> _To do_:
In full and without change, return each entry.

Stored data
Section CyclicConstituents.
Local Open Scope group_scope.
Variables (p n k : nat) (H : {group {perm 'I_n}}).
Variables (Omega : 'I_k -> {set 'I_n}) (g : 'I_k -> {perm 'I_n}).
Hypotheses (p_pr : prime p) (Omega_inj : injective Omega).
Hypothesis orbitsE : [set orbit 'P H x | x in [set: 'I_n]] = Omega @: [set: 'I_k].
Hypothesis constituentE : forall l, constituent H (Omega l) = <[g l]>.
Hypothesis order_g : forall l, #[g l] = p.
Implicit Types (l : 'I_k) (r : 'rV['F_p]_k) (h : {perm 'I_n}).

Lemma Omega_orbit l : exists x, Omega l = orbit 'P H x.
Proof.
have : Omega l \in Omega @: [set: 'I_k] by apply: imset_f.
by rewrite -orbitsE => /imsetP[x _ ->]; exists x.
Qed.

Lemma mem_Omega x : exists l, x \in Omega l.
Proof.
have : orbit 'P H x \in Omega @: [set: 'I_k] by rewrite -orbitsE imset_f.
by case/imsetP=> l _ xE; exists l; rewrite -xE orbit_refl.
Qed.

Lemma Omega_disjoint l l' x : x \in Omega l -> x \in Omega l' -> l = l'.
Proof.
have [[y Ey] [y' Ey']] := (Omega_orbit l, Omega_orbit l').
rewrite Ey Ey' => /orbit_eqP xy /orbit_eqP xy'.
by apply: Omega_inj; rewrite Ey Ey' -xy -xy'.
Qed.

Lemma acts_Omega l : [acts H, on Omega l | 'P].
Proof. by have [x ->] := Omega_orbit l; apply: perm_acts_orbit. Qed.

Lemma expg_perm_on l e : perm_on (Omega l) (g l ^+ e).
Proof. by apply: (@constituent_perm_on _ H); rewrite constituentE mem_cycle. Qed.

> _Task answer_:
Section CyclicConstituents.
Local Open Scope group_scope.
Variables (p n k : nat) (H : {group {perm 'I_n}}).
Variables (Omega : 'I_k -> {set 'I_n}) (g : 'I_k -> {perm 'I_n}).
Hypotheses (p_pr : prime p) (Omega_inj : injective Omega).
Hypothesis orbitsE : [set orbit 'P H x | x in [set: 'I_n]] = Omega @: [set: 'I_k].
Hypothesis constituentE : forall l, constituent H (Omega l) = <[g l]>.
Hypothesis order_g : forall l, #[g l] = p.
Implicit Types (l : 'I_k) (r : 'rV['F_p]_k) (h : {perm 'I_n}).

Lemma Omega_orbit l : exists x, Omega l = orbit 'P H x.
Proof.
have : Omega l \in Omega @: [set: 'I_k] by apply: imset_f.
by rewrite -orbitsE => /imsetP[x _ ->]; exists x.
Qed.

Lemma mem_Omega x : exists l, x \in Omega l.
Proof.
have : orbit 'P H x \in Omega @: [set: 'I_k] by rewrite -orbitsE imset_f.
by case/imsetP=> l _ xE; exists l; rewrite -xE orbit_refl.
Qed.

Lemma Omega_disjoint l l' x : x \in Omega l -> x \in Omega l' -> l = l'.
Proof.
have [[y Ey] [y' Ey']] := (Omega_orbit l, Omega_orbit l').
rewrite Ey Ey' => /orbit_eqP xy /orbit_eqP xy'.
by apply: Omega_inj; rewrite Ey Ey' -xy -xy'.
Qed.

Lemma acts_Omega l : [acts H, on Omega l | 'P].
Proof. by have [x ->] := Omega_orbit l; apply: perm_acts_orbit. Qed.

Lemma expg_perm_on l e : perm_on (Omega l) (g l ^+ e).
Proof. by apply: (@constituent_perm_on _ H); rewrite constituentE mem_cycle. Qed.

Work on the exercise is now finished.